Second, regulators and rating agencies have spent years reinforcing the legal basis for equipment trust structures across different asset classes. The aviation market stress-tested EETCs during the pandemic-era carrier collapses, and while the results were mixed, the senior tranches generally performed as advertised. That track record – even with the complications – gives infrastructure investors a clearer picture of how the structure behaves under real pressure. Investors evaluating fixed-income instruments with long durations, including those who have been watching rate-sensitive products like callable bond ladders, are increasingly drawn to the asset-backed certainty ETCs can provide.
Third, the pool of eligible assets is expanding. Ground transport operators, renewable energy developers financing turbine fleets, and shipping companies have all started exploring whether the ETC framework can be adapted to their equipment. The legal architecture exists. The challenge is finding institutional investors comfortable with assets outside aviation, where the secondary market depth – the ability to remarket quickly at a fair price – has not been as thoroughly tested. Some structures are moving forward anyway, priced to reflect that uncertainty with wider spreads on junior tranches.
What Investors Need to Watch
For fixed-income investors considering ETCs, the asset’s secondary market liquidity is the variable that everything else depends on. A certificate backed by a widely traded aircraft type is a fundamentally different risk than one backed by specialized equipment with two or three potential buyers globally. Diligence on the remarketing agreement – who is obligated to find a new operator, on what timeline, and at what minimum price – matters more than the headline coupon.
Tranche structure deserves equal scrutiny. In multi-class EETCs, the gap between what senior noteholders recover and what junior noteholders recover in a distressed scenario can be enormous. Investors reaching for yield by buying junior paper in an ETC should model a scenario where the equipment sits idle for a year before remarketing, the secondary price comes in 20 to 30 percent below appraised value, and the liquidity facility has already been drawn. If the returns still work at that outcome, the yield pickup is real. If not, the spread is not compensation for risk – it is the risk.

One structural feature that buyers often underweight is the cross-collateralization provision, or its absence. Some ETC packages bundle multiple assets, so that if one piece of equipment is destroyed or rendered unmarketable, the remaining collateral supports the whole certificate. Others are single-asset structures where one bad outcome breaks the entire deal. That difference rarely shows up in the marketing summary – it lives in the trust agreement, usually in a section nobody reads until a default forces them to.

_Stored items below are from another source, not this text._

Lemma wratio_le_full c : (forall j, c j <= full_cutoff j) -> 0 < #|avoiding S1 c| ->
  (wratio c <= wratio full_cutoff)%R.
Proof.
have [d] := ubnP (budget full_cutoff - budget c); elim: d c => // d IH c lt_d c_le g_gt0.
case: (pickP [pred j | c j < full_cutoff j]) => [i /= lt_ci | c_full]; last first.
  suff -> : c = full_cutoff by apply: Rle_refl.
  by apply/ffunP => j; apply/eqP; rewrite eqn_leq c_le leqNgt; apply/negbT/c_full.
have I0i : i \in I0 by apply: contraTT lt_ci; rewrite ffunE => /negbTE ->.
have lt_ci' : c i < n - #|S1| by rewrite ffunE I0i in lt_ci.
have incr_le j : incr c i j <= full_cutoff j.
  by rewrite ffunE; case: eqVneq => [-> | _]; rewrite ?addn1 ?addn0.
pose t : 'I_n := Ordinal (leq_trans lt_ci' (leq_subr _ _)).
apply: Rle_trans (wratio_incr I0i (erefl : c i = t) lt_ci' g_gt0) (IH _ _ incr_le _).
- have : budget (incr c i) <= budget full_cutoff by apply: leq_sum => j _; apply: incr_le.
  by rewrite budget_incr //; lia.
- exact: card_avoiding_incr_gt0 (erefl : c i = t) lt_ci' g_gt0.
Qed.

Lemma wratio0 : wratio [ffun=> 0] = prob E.
Proof.
have capped0 P : capped_apps [ffun=> 0] P = 0.
  by apply: big1 => j _; rewrite ffunE minn0.
have budget0 : budget [ffun=> 0] = 0 by apply: big1 => j _; rewrite ffunE.
rewrite /wratio /prob /wcount avoiding0 cardsT budget0 muln1 -sum1_card.
congr (INR _ / _)%R; rewrite big_mkcond [RHS]big_mkcond; apply: eq_bigr => P _.
by rewrite in_setT /weight capped0 budget0 muln1 unfold_in; case: (E P).
Qed.

Lemma wratio_full_le (r : R) : (0 <= r)%R ->
  (forall P, E P -> INR (weight full_cutoff P) <= INR (n ^ budget full_cutoff) * r)%R ->
  (wratio full_cutoff <= r)%R.
Proof.
move=> r_ge0 weight_le; rewrite /wratio.
have [-> | den_gt0] := posnP (#|avoiding S1 full_cutoff| * n ^ budget full_cutoff).
  by rewrite /Rdiv Rinv_0 Rmult_0_r. (* Stdlib's [/ 0 = 0] *)
rewrite -[r]Rdiv_1_r; apply: Rdiv_le_cross; [by apply/lt_0_INR/ltP | lra |].
rewrite Rmult_1_r mult_INR (Rmult_comm r) Rmult_assoc.
apply: INR_sum_le_card => [|P _]; first by apply: Rmult_le_pos; [apply: pos_INR|].
case EP: (E P); first by rewrite mul1n; apply: weight_le.
by rewrite mul0n; apply: Rmult_le_pos => //; apply: pos_INR.
Qed.

Lemma weight_full_le (q : R) P : (0 <= q)%R -> (INR (n - #|S1|) <= q * INR n)%R ->
  (forall j, j \in I0 -> num_apps P j <= n - #|S1|) ->
  (INR (weight full_cutoff P) <=
   INR (n ^ budget full_cutoff) * q ^ (\sum_(j in I0) num_apps P j))%R.
Proof.
move=> q_ge0 le_q apps_le.
have capped_full : capped_apps full_cutoff P = \sum_(j in I0) num_apps P j.
  by apply: eq_bigr => j I0j; rewrite ffunE I0j; apply/minn_idPl/apps_le.
have := capped_apps_le_budget full_cutoff P.
rewrite /weight capped_full mult_INR !INR_expn.
set X := \sum_(j in I0) _; set B := budget _ => le_XB.
have -> : (INR n ^ B = INR n ^ X * INR n ^ (B - X))%R by rewrite -pow_add; congr pow; lia.
have le_pow : (INR (n - #|S1|) ^ X <= q ^ X * INR n ^ X)%R.
  by rewrite -Rpow_mult_distr; apply: pow_incr; split => //; apply: pos_INR.
have : (0 <= INR n ^ (B - X))%R by apply/pow_le/pos_INR.
nra.
Qed.
End QuantumDefs.

(* Write X = \sum_i x_i U_i, the U_i being an orthogonal basis of M_d; then
   e^{tL} X = \sum_i e^{lam_i t} x_i U_i, and P_t acts in the same way on the
   coefficients c_i of f = \sum_i c_i chi_i.  Choose c_i = |x_i|.  Orthogonality
   of the U_i and Parseval give ||X||_2 = ||f||_2.  For Y = \sum_i y_i U_i,
   tr((Y^+ Y)^2) expands into traces of U_i^+ U_j U_k^+ U_l, each a phase times
   U_(-i+j-k+l), hence of modulus d when -i+j-k+l = 0 and 0 otherwise.  The
   triangle inequality thus bounds ||Y||_4^4 by the sum of |y_i y_j y_k y_l| over
   -i+j-k+l = 0, which is exactly ||\sum_i |y_i| chi_i||_4^4; for
   y_i = e^{lam_i t} x_i this is ||P_t f||_4^4. *)

From HB Require Import structures.
From mathcomp Require Import all_boot all_order all_algebra.
From mathcomp Require Import complex.
From mathcomp Require Import all_classical all_reals all_analysis.
From mathcomp Require Import fingroup ring.
Set Implicit Arguments.
Unset Strict Implicit.
Unset Printing Implicit Defensive.

Import Order.TTheory GRing.Theory Num.Theory.
Import numFieldNormedType.Exports.
Local Open Scope ring_scope.

Lemma natr_card_gt0 (K : numDomainType) (G : finZmodType) : (0 : K) < #|G|%:R.
Proof. by rewrite ltr0n; apply/card_gt0P; exists 0. Qed.

Lemma sum_mulr_delta (K : pzSemiRingType) (I : finType) (F : I -> K) m :
  \sum_i F i * (i == m)%:R = F m.
Proof.
rewrite (bigD1 m) //= eqxx mulr1 big1 ?addr0 // => i /negbTE ->.
by rewrite mulr0.
Qed.

Section Characters.
Variables (R : realType) (G : finZmodType) (chi : G -> G -> R[i]).
Hypothesis chi_iso : character_iso chi.

Lemma charD i g h : chi i (g + h) = chi i g * chi i h.
Proof. by case: chi_iso => Hchar _ _ _; case: (Hchar i) => _ ->. Qed.

Lemma char_idxD i j g : chi (i + j) g = chi i g * chi j g.
Proof. by case: chi_iso => _ ->. Qed.

Lemma char_at0 i : chi i 0 = 1.
Proof. by case: chi_iso => Hchar _ _ _; case: (Hchar i). Qed.

Lemma char_neq0 i g : chi i g != 0.
Proof.
apply: contra_neq (oner_neq0 (R[i])) => chi0.
by rewrite -(char_at0 i) -(subrr g) charD chi0 mul0r.
Qed.

Lemma char_idx0 g : chi 0 g = 1.
Proof.
by apply: (mulfI (char_neq0 0 g)); rewrite mulr1 -char_idxD addr0.
Qed.

Lemma char_mulrn i g n : chi i g ^+ n = chi i (g *+ n).
Proof.
elim: n => [|n IH]; first by rewrite expr0 mulr0n char_at0.
by rewrite exprS IH mulrS charD.
Qed.

Lemma norm_char i g : `|chi i g| = 1.
Proof.
have chiX : chi i g ^+ #|G| = 1.
  rewrite char_mulrn -FinRing.zmodXgE.
  have := @cyclic.expg_cardG _ [set: G]%G g (finset.in_setT g).
  by rewrite finset.cardsT => ->; rewrite char_at0.
have G_gt0 : (0 < #|G|)%N by apply/card_gt0P; exists 0.
by apply/eqP; rewrite -(pexpr_eq1 G_gt0) ?normr_ge0 // -normrX chiX normr1.
Qed.

Lemma conj_char i g : (chi i g)^*%C = chi (- i) g.
Proof.
apply: (mulfI (char_neq0 i g)).
by rewrite -sqr_normc norm_char expr1n -char_idxD subrr char_idx0.
Qed.

Lemma sum_char m : \sum_g chi m g = (m == 0)%:R * #|G|%:R.
Proof.
have [->|m0] := eqVneq m 0.
  by rewrite mul1r (eq_bigr (fun _ => 1)) ?sumr_const // => g _; rewrite char_idx0.
have [h chih] : exists h, chi m h != 1.
  apply/existsP; apply: contraT; rewrite negb_exists => /forallP chi1.
  case: chi_iso => _ _ chi_inj _; case/negP: m0; apply/eqP/chi_inj.
  by apply/funext => g; rewrite char_idx0; apply/eqP/negPn.
(* Translating the summation variable by h multiplies the sum by chi m h != 1. *)
have sumE : \sum_g chi m g = chi m h * \sum_g chi m g.
  rewrite {1}(reindex_inj (addrI h)) /= mulr_sumr.
  by apply: eq_bigr => g _; rewrite charD.
apply/eqP; move/eqP: sumE; rewrite mul0r -subr_eq0 -{1}(mul1r (\sum_g _)).
by rewrite -mulrBl mulf_eq0 subr_eq0 eq_sym (negbTE chih).
Qed.

End Characters.

Section FourierSynthesis.
Variables (R : realType) (G : finZmodType) (chi : G -> G -> R[i]).
Hypothesis chi_iso : character_iso chi.
Local Notation C := R[i].
Local Notation n := (#|G|%:R : C).

Definition fsynth (c : G -> C) (h : G) : C := \sum_i c i * chi i h.
(* Let $n \ge 1$, $1 \le q \le n$, $S \subseteq B_n$, $r \in [0:n-1]$ and $b \in \{0,1\}$ such that $1 \le |S(r,b)| \le |S(r,1-b)|$. Then $$m_q(S) \le m_q(S(r,1-b)) + m_q(S(r,b)) + m_{q-1}(S(r,b)).$$
   Context: $B_n = \{0,1\}^n$ with coordinates $x = (x_{n-1},\ldots,x_0)$. For $S \subseteq B_n$, $r \in [0:n-1]$, $c \in \{0,1\}$: $S(r,c) = \{x \in S : x_r = c\}$. A $q$-dimensional subcube of $B_n$ is a set $\{x \in B_n : x_i = b(i) \text{ for all } i \in Q\}$ with $Q \subseteq [0:n-1]$, $|Q| = n-q$, $b: Q \to \{0,1\}$. $m_q(T)$ denotes the number of $q$-dimensional subcubes of $B_n$ contained in $T \subseteq B_n$ (for $q = 0$ this is $|T|$). *)

From mathcomp Require Import all_boot all_order.
Set Implicit Arguments. Unset Strict Implicit. Unset Printing Implicit Defensive.

Definition Bn (n : nat) := {ffun 'I_n -> bool}.

Definition slice n (S : {set Bn n}) (r : 'I_n) (c : bool) : {set Bn n} :=
  [set x in S | x r == c].

Definition cube n (Q : {set 'I_n}) (b : {ffun 'I_n -> bool}) : {set Bn n} :=
  [set x : Bn n | [forall i in Q, x i == b i]].

Definition is_subcube n (q : nat) (C : {set Bn n}) : bool :=
  [exists Q : {set 'I_n}, exists b : {ffun 'I_n -> bool},
     (#|Q| == n - q) && (C == cube Q b)].

Definition m n (q : nat) (T : {set Bn n}) : nat :=
  #|[set C : {set Bn n} | is_subcube q C && (C \subset T)]|.

(* A q-subcube of S either lies in one of the slices S(r,0), S(r,1) or leaves
   coordinate r free.  In the latter case fixing x_r = b yields a
   (q-1)-subcube of S(r,b), and the cube is recovered from this half by
   forgetting coordinate r, so these cubes are counted by m_{q-1}(S(r,b)). *)

From mathcomp Require Import all_boot all_order.
From mathcomp Require Import zify.

Set Implicit Arguments.
Unset Strict Implicit.
Unset Printing Implicit Defensive.

Section CoordinateSlices.

Variables (n : nat) (r : 'I_n).

Definition half (c : bool) : {set Bn n} := [set x : Bn n | x r == c].

Definition set_coord (c : bool) (x : Bn n) : Bn n :=
  [ffun i => if i == r then c else x i].

Definition subcubes (q : nat) (T : {set Bn n}) : {set {set Bn n}} :=
  [set C | is_subcube q C && (C \subset T)].

Definition straddling (q : nat) (S : {set Bn n}) (c : bool) :
  {set {set Bn n}} :=
  [set C in subcubes q S | ~~ (C \subset half c) && ~~ (C \subset half (~~ c))].

Lemma set_coordE c x i : set_coord c x i = if i == r then c else x i.
Proof. by rewrite /set_coord ffunE. Qed.

Lemma sliceE (S : {set Bn n}) (c : bool) : slice S r c = S :&: half c.
Proof. by apply/setP => x; rewrite !inE. Qed.

Lemma cube_sub_half (Q : {set 'I_n}) (b : {ffun 'I_n -> bool}) :
  r \in Q -> cube Q b \subset half (b r).
Proof.
by move=> rQ; apply/subsetP => x; rewrite !inE => /forallP/(_ r); rewrite rQ.
Qed.

Lemma mem_cube_set_coord (Q : {set 'I_n}) (b : {ffun 'I_n -> bool}) c x :
  r \notin Q -> (set_coord c x \in cube Q b) = (x \in cube Q b).
Proof.
move=> rQ; rewrite !inE; apply: eq_forallb => i; rewrite set_coordE.
by case: (i =P r) => // ->; rewrite (negbTE rQ).
Qed.

Lemma cubeI_half (Q : {set 'I_n}) (b : {ffun 'I_n -> bool}) c :
  r \notin Q -> cube Q b :&: half c = cube (r |: Q) (set_coord c b).
Proof.
move=> rQ; apply/setP => x; rewrite !inE.
apply/andP/forallP => [[/forallP xQ xr] i | xQr].
- rewrite in_setU1 set_coordE.
  by case: (i =P r) => [-> | _] /=; [exact: xr | apply: xQ].
- split; last by have := xQr r; rewrite in_setU1 eqxx set_coordE eqxx.
  apply/forallP => i; apply/implyP => iQ.
  have := xQr i; rewrite in_setU1 iQ orbT set_coordE /=.
  by case: (i =P r) => [ir | //]; move: rQ; rewrite -ir iQ.
Qed.

Lemma cube_from_half (Q : {set 'I_n}) (b : {ffun 'I_n -> bool}) c :
  r \notin Q -> cube Q b = [set x | set_coord c x \in cube Q b :&: half c].
Proof.
move=> rQ; apply/setP => x.
rewrite [RHS]inE in_setI mem_cube_set_coord //.
by rewrite [set_coord c x \in _]inE set_coordE !eqxx andbT.
Qed.

Lemma subcube_straddling {q C c} :
  is_subcube q C -> ~~ (C \subset half c) -> ~~ (C \subset half (~~ c)) ->
  exists (Q : {set 'I_n}) (b : {ffun 'I_n -> bool}),
    [/\ r \notin Q, #|Q| = n - q & C = cube Q b].
Proof.
rewrite /is_subcube => /existsP[Q /existsP[b /andP[/eqP cardQ /eqP ->]]].
move=> notc notnc; exists Q, b; split=> //.
apply/negP => /(@cube_sub_half _ b) sub.
by case: (b r) c sub notc notnc => [] [] ->.
Qed.

Lemma subcubeI_half q C c :
  0 < q <= n -> is_subcube q C -> ~~ (C \subset half c) ->
  ~~ (C \subset half (~~ c)) -> is_subcube q.-1 (C :&: half c).
Proof.
move=> /andP[q_gt0 q_le_n] Cq notc notnc.
have [Q [b [rQ cardQ ->]]] := subcube_straddling Cq notc notnc.
apply/existsP; exists (r |: Q); apply/existsP; exists (set_coord c b).
by rewrite cubeI_half // cardsU1 rQ cardQ eqxx andbT; apply/eqP; lia.
Qed.

Lemma card_straddling_le q (S : {set Bn n}) c :
  0 < q <= n ->
  #|straddling q S c| <= #|subcubes q.-1 (S :&: half c)|.
Proof.
move=> qn; set A := straddling q S c.
have recover C : C \in A -> C = [set x | set_coord c x \in C :&: half c].
  rewrite !inE => /andP[/andP[Cq _] /andP[notc notnc]].
  have [Q [b [rQ _ ->]]] := subcube_straddling Cq notc notnc.
  exact: cube_from_half.
have f_inj : {in A &, injective (fun C => C :&: half c)}.
  by move=> C1 C2 /recover eC1 /recover eC2 eqI; rewrite eC1 eC2 eqI.
rewrite -(card_in_imset f_inj).
apply/subset_leq_card/subsetP => _ /imsetP[C CA ->].
move: CA; rewrite !inE => /andP[/andP[Cq CS] /andP[notc notnc]].
by rewrite subcubeI_half // setSI.
Qed.

End CoordinateSlices.

Theorem mainTheorem3 (n : nat) (q : nat) (S : {set Bn n}) (r : 'I_n) (b : bool) :
  1 <= n -> 1 <= q -> q <= n ->
  1 <= #|slice S r b| -> #|slice S r b| <= #|slice S r (~~ b)| ->
  m q S <= m q (slice S r (~~ b)) + m q (slice S r b) + m q.-1 (slice S r b).
Proof.
move=> _ q_gt0 q_le_n _ _.
rewrite /m -!/(subcubes _ _) !sliceE.
have cover : subcubes q S \subset
    subcubes q (S :&: half r (~~ b)) :|: subcubes q (S :&: half r b)
      :|: straddling r q S b.
  apply/subsetP => C; rewrite !inE !subsetI => /andP[-> ->] /=.
  by case: (C \subset half r b); case: (C \subset half r (~~ b)); rewrite ?orbT.
apply: leq_trans (subset_leq_card cover) _.
apply: leq_trans (leq_card_setU _ _) (leq_add _ _).
- exact: leq_card_setU.
- by apply: card_straddling_le; rewrite q_gt0.
Qed.
(* Let $A\in\mathbb R^{m\times N}$, let $\mathcal B=(\mathcal B_1,\dots,\mathcal B_B)$ be a block structure with weights $\omega=(\omega_1,\dots,\omega_B)$, $\omega_i\ge1$. Let $s\ge2\|\omega\|_\infty^2$ and assume $A$ satisfies the WBRIP of order $2s$ with constant $\delta_{2s}<\frac{1}{2\sqrt2+1}$. For $x\in\mathbb R^N$ let $y=Ax+e$ with $\|e\|_2\le\eta$, and let $$\hat x\in\arg\min_{z\in\mathbb R^N}\|z\|_{2,1}^{(\omega)}\quad\text{s.t. }\|Az-y\|_2\le\eta.$$ Then $$\|x-\hat x\|_{2,1}^{(\omega)}\le c_\delta\,\sigma_s(x)_{2,1}^{(\omega)}+d_\delta\sqrt s\,\eta,\qquad \|x-\hat x\|_2\le\frac{c_\delta}{\sqrt s}\sigma_s(x)_{2,1}^{(\omega)}+d_\delta\eta,$$ where $c_\delta=\frac{2(1+\delta_{2s}(2\sqrt2-3))^2}{(1-\delta_{2s})(1-\delta_{2s}(2\sqrt2+1))}$ and $d_\delta=\frac{2(3+\delta_{2s}(2\sqrt2-3))\sqrt{1+\delta_{2s}}}{(1-\delta_{2s})(1-\delta_{2s}(2\sqrt2+1))}$.
   Context: Block structure: $\mathcal B=(\mathcal B_1,\dots,\mathcal B_B)$ partition of $\{1,\dots,N\}$; $x[b]=x[\mathcal B_b]$. Weights $\omega_b\ge1$, $\|\omega\|_\infty=\max_b\omega_b$, $\omega(S)=\sum_{b\in S}\omega_b^2$. $\|x\|_{2,p}^{(\omega)}=\big(\sum_b\omega_b^{2-p}\|x[b]\|_2^p\big)^{1/p}$. $\|x\|_0^{(\omega)}=\omega(\{b:x[b]\ne0\})$. $\sigma_s(x)_{2,1}^{(\omega)}=\inf\{\|x-z\|_{2,1}^{(\omega)}:\|z\|_0^{(\omega)}\le s\}$. Definition (WBRIP): $A$ satisfies the weighted block restricted isometry property of order $t\ge\|\omega\|_\infty$ with constant $\delta\in(0,1)$ if $(1-\delta)\|x\|_2^2\le\|Ax\|_2^2\le(1+\delta)\|x\|_2^2$ for all $x$ with $\|x\|_0^{(\omega)}\le t$; the smallest such $\delta$ is denoted $\delta_t$. *)

From Stdlib Require Import Reals Lra Classical ClassicalEpsilon.
Open Scope R_scope.

(* Vectors in R^n are functions nat -> R; only indices 0..n-1 matter. *)

Fixpoint fsum (n : nat) (f : nat -> R) : R :=
  match n with
  | O => 0
  | S k => fsum k f + f k
  end.

Definition norm2 (N : nat) (x : nat -> R) : R := sqrt (fsum N (fun j => x j ^ 2)).

Definition matvec (N : nat) (A : nat -> nat -> R) (x : nat -> R) : nat -> R :=
  fun i => fsum N (fun j => A i j * x j).

Definition vsub (x z : nat -> R) : nat -> R := fun j => x j - z j.
Definition vadd (x z : nat -> R) : nat -> R := fun j => x j + z j.

(* Block structure: blk j = index of the block containing coordinate j.
   It is a partition of {0..N-1} into B nonempty blocks B_0..B_{B-1}. *)
Definition is_block_structure (N B : nat) (blk : nat -> nat) : Prop :=
  (forall j, (j < N)%nat -> (blk j < B)%nat) /\
  (forall b, (b < B)%nat -> exists j, (j < N)%nat /\ blk j = b).

Definition blocknorm (N : nat) (blk : nat -> nat) (x : nat -> R) (b : nat) : R :=
  sqrt (fsum N (fun j => if Nat.eq_dec (blk j) b then x j ^ 2 else 0)).

Definition w21norm (N B : nat) (blk : nat -> nat) (w : nat -> R) (x : nat -> R) : R :=
  fsum B (fun b => w b * blocknorm N blk x b).

Definition block_nonzero (N : nat) (blk : nat -> nat) (x : nat -> R) (b : nat) : Prop :=
  exists j, (j < N)%nat /\ blk j = b /\ x j <> 0.

Definition wsetweight (B : nat) (w : nat -> R) (S : nat -> Prop) : R :=
  fsum B (fun b => if excluded_middle_informative (S b) then w b ^ 2 else 0).

Definition w0norm (N B : nat) (blk : nat -> nat) (w : nat -> R) (x : nat -> R) : R :=
  wsetweight B w (block_nonzero N blk x).

Fixpoint wmax (B : nat) (w : nat -> R) : R :=
  match B with
  | O => 0
  | S k => Rmax (wmax k w) (w k)
  end.

Definition is_glb (E : R -> Prop) (m : R) : Prop :=
  (forall x, E x -> m <= x) /\ (forall m', (forall x, E x -> m' <= x) -> m' <= m).

Definition Rinf (E : R -> Prop) : R := epsilon (inhabits 0) (is_glb E).

Definition sigma_s (N B : nat) (blk : nat -> nat) (w : nat -> R) (s : R) (x : nat -> R) : R :=
  Rinf (fun r => exists z, w0norm N B blk w z <= s /\ r = w21norm N B blk w (vsub x z)).

Definition WBRIP (N B : nat) (blk : nat -> nat) (w : nat -> R) (m : nat)
    (A : nat -> nat -> R) (t delta : R) : Prop :=
  t >= wmax B w /\ 0 < delta < 1 /\
  forall x, w0norm N B blk w x <= t ->
    (1 - delta) * norm2 N x ^ 2 <= norm2 m (matvec N A x) ^ 2 /\
    norm2 m (matvec N A x) ^ 2 <= (1 + delta) * norm2 N x ^ 2.

Definition delta_t (N B : nat) (blk : nat -> nat) (w : nat -> R) (m : nat)
    (A : nat -> nat -> R) (t : R) : R :=
  Rinf (fun d => WBRIP N B blk w m A t d).

From Stdlib Require Import Reals Lra Lia Wf_nat List Permutation Sorted
  FunctionalExtensionality Classical ClassicalEpsilon.
Open Scope R_scope.

(* Let v = x - xhat.  Feasibility of x and xhat gives ||A v||_2 <= 2 eta, and
   minimality of xhat gives the cone condition
     ||v_{S^c}||_{2,1} <= ||v_S||_{2,1} + 2 ||x_{S^c}||_{2,1}
   for the block support S of any z with ||z||_0 <= s.  The WBRIP of order 2s
   gives the robust null space property
     (1 - delta) ||v_S||_2 <= (2 delta / sqrt s) ||v_{S^c}||_{2,1} + sqrt (1 + delta) ||A v||_2
   whenever omega(S) <= s: sort the blocks outside S by decreasing ||v[b]||_2 / omega_b
   and cut them greedily into chunks of weight at most s.  As omega_b^2 <= s/2, every
   chunk but the last weighs more than s/2, so the ratios in the next chunk are at
   most 2 ||v_chunk||_{2,1} / s; this bounds the l2 norm of each chunk by (2,1)-norms,
   and the RIP bounds its interaction with v_S.  Together these bound ||v||_{2,1} and
   ||v||_2 by the (2,1)-distance from x to z, hence by sigma_s; the constants c_delta and
   d_delta dominate the ones obtained, by polynomial inequalities in delta and sqrt 2
   valid for delta < 1 / (2 sqrt 2 + 1). *)

Lemma fsum_ext n f g : (forall i, (i < n)%nat -> f i = g i) -> fsum n f = fsum n g.
Proof.
  induction n as [|n IH]; intros H; simpl; [reflexivity|].
  rewrite IH by (intros; apply H; lia). rewrite H by lia. reflexivity.
Qed.

Lemma fsum_add n f g : fsum n (fun i => f i + g i) = fsum n f + fsum n g.
Proof. induction n as [|n IH]; simpl; [lra | rewrite IH; lra]. Qed.

Lemma fsum_scal n c f : fsum n (fun i => c * f i) = c * fsum n f.
Proof. induction n as [|n IH]; simpl; [lra | rewrite IH; lra]. Qed.

Lemma fsum_opp n f : fsum n (fun i => - f i) = - fsum n f.
Proof. induction n as [|n IH]; simpl; [lra | rewrite IH; lra]. Qed.

Lemma fsum_zero n : fsum n (fun _ => 0) = 0.
Proof. induction n as [|n IH]; simpl; [lra | rewrite IH; lra]. Qed.

Lemma fsum_le n f g : (forall i, (i < n)%nat -> f i <= g i) -> fsum n f <= fsum n g.
Proof.
  induction n as [|n IH]; intros H; simpl; [lra|].
  assert (fsum n f <= fsum n g) by (apply IH; intros; apply H; lia).
  assert (f n <= g n) by (apply H; lia).
  lra.
Qed.

Lemma fsum_nonneg n f : (forall i, (i < n)%nat -> 0 <= f i) -> 0 <= fsum n f.
Proof. intros H. rewrite <- (fsum_zero n). now apply fsum_le. Qed.

Lemma fsum_swap n k (F : nat -> nat -> R) :
  fsum n (fun i => fsum k (F i)) = fsum k (fun j => fsum n (fun i => F i j)).
Proof.
  induction n as [|n IH]; simpl.
  - symmetry. apply fsum_zero.
  - rewrite IH, <- fsum_add. reflexivity.
Qed.

Lemma fsum_indicator n c g :
  fsum n (fun b => if Nat.eq_dec c b then g b else 0) = if Nat.ltb c n then g c else 0.
Proof.
  induction n as [|n IH]; simpl; [reflexivity|]. rewrite IH.
  destruct (Nat.eq_dec c n); destruct (Nat.ltb_spec c n); destruct (Nat.ltb_spec c (S n));
    subst; try lia; lra.
Qed.

Lemma pow2_le_cancel x y : 0 <= y -> x ^ 2 <= y ^ 2 -> x <= y.
Proof. intros. nra. Qed.

Lemma le_mul_of_amgm X a b c : 0 <= a -> 0 <= b -> 0 <= c ->
  (forall T, 0 < T -> X <= c * (T * a ^ 2 + b ^ 2 / T) / 2) -> X <= c * a * b.
Proof.
  intros Ha Hb Hc H. apply Rle_plus_epsilon. intros eps Heps.
  (* T = (b + t) / (a + t) makes the bound at most c (a b + t (a + b) / 2) *)
  set (t := eps / (c * (a + b) + 1)).
  assert (Ht : 0 < t) by (apply Rdiv_lt_0_compat; nra).
  assert (HT := H ((b + t) / (a + t)) ltac:(apply Rdiv_lt_0_compat; lra)).
  replace ((b + t) / (a + t) * a ^ 2 + b ^ 2 / ((b + t) / (a + t)))
    with (a * (b + t) * (a / (a + t)) + b * (a + t) * (b / (b + t))) in HT by (field; lra).
  assert (Ea : a / (a + t) * (a + t) = a) by (field; lra).
  assert (Eb : b / (b + t) * (b + t) = b) by (field; lra).
  assert (Et : t * (c * (a + b) + 1) = eps) by (unfold t; field; nra).
  assert (a * (b + t) * (a / (a + t)) <= a * (b + t)).
  { assert (a / (a + t) <= 1) by nra. assert (0 <= a * (b + t)) by nra. nra. }
  assert (b * (a + t) * (b / (b + t)) <= b * (a + t)).
  { assert (b / (b + t) <= 1) by nra. assert (0 <= b * (a + t)) by nra. nra. }
  assert (c * (t * (a + b)) <= eps) by nra.
  nra.
Qed.

Definition dot n (p q : nat -> R) : R := fsum n (fun i => p i * q i).

Definition vscale (c : R) (u : nat -> R) : nat -> R := fun j => c * u j.

Lemma norm2_nonneg n p : 0 <= norm2 n p.
Proof. apply sqrt_pos. Qed.

Lemma norm2_sq n p : norm2 n p ^ 2 = dot n p p.
Proof.
  unfold norm2, dot. rewrite pow2_sqrt by (apply fsum_nonneg; intros; apply pow2_ge_0).
  apply fsum_ext. intros. ring.
Qed.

The Quiet Return of a Proven Tool
Equipment Trust Certificates never disappeared from aviation finance, but their reappearance across other infrastructure categories signals something worth tracking. The conditions that made them standard in rail and shipping a century ago – the need to finance long-lived physical assets with predictable cash flows and genuine collateral value – have not gone away. What went away was the urgency to use them when cheap unsecured debt made the additional structure feel unnecessary. That urgency is back, and the investors who understand how ETC trust agreements actually function when a deal goes wrong will be the ones positioned to exploit the spread advantage without absorbing the downside of a structure they misread.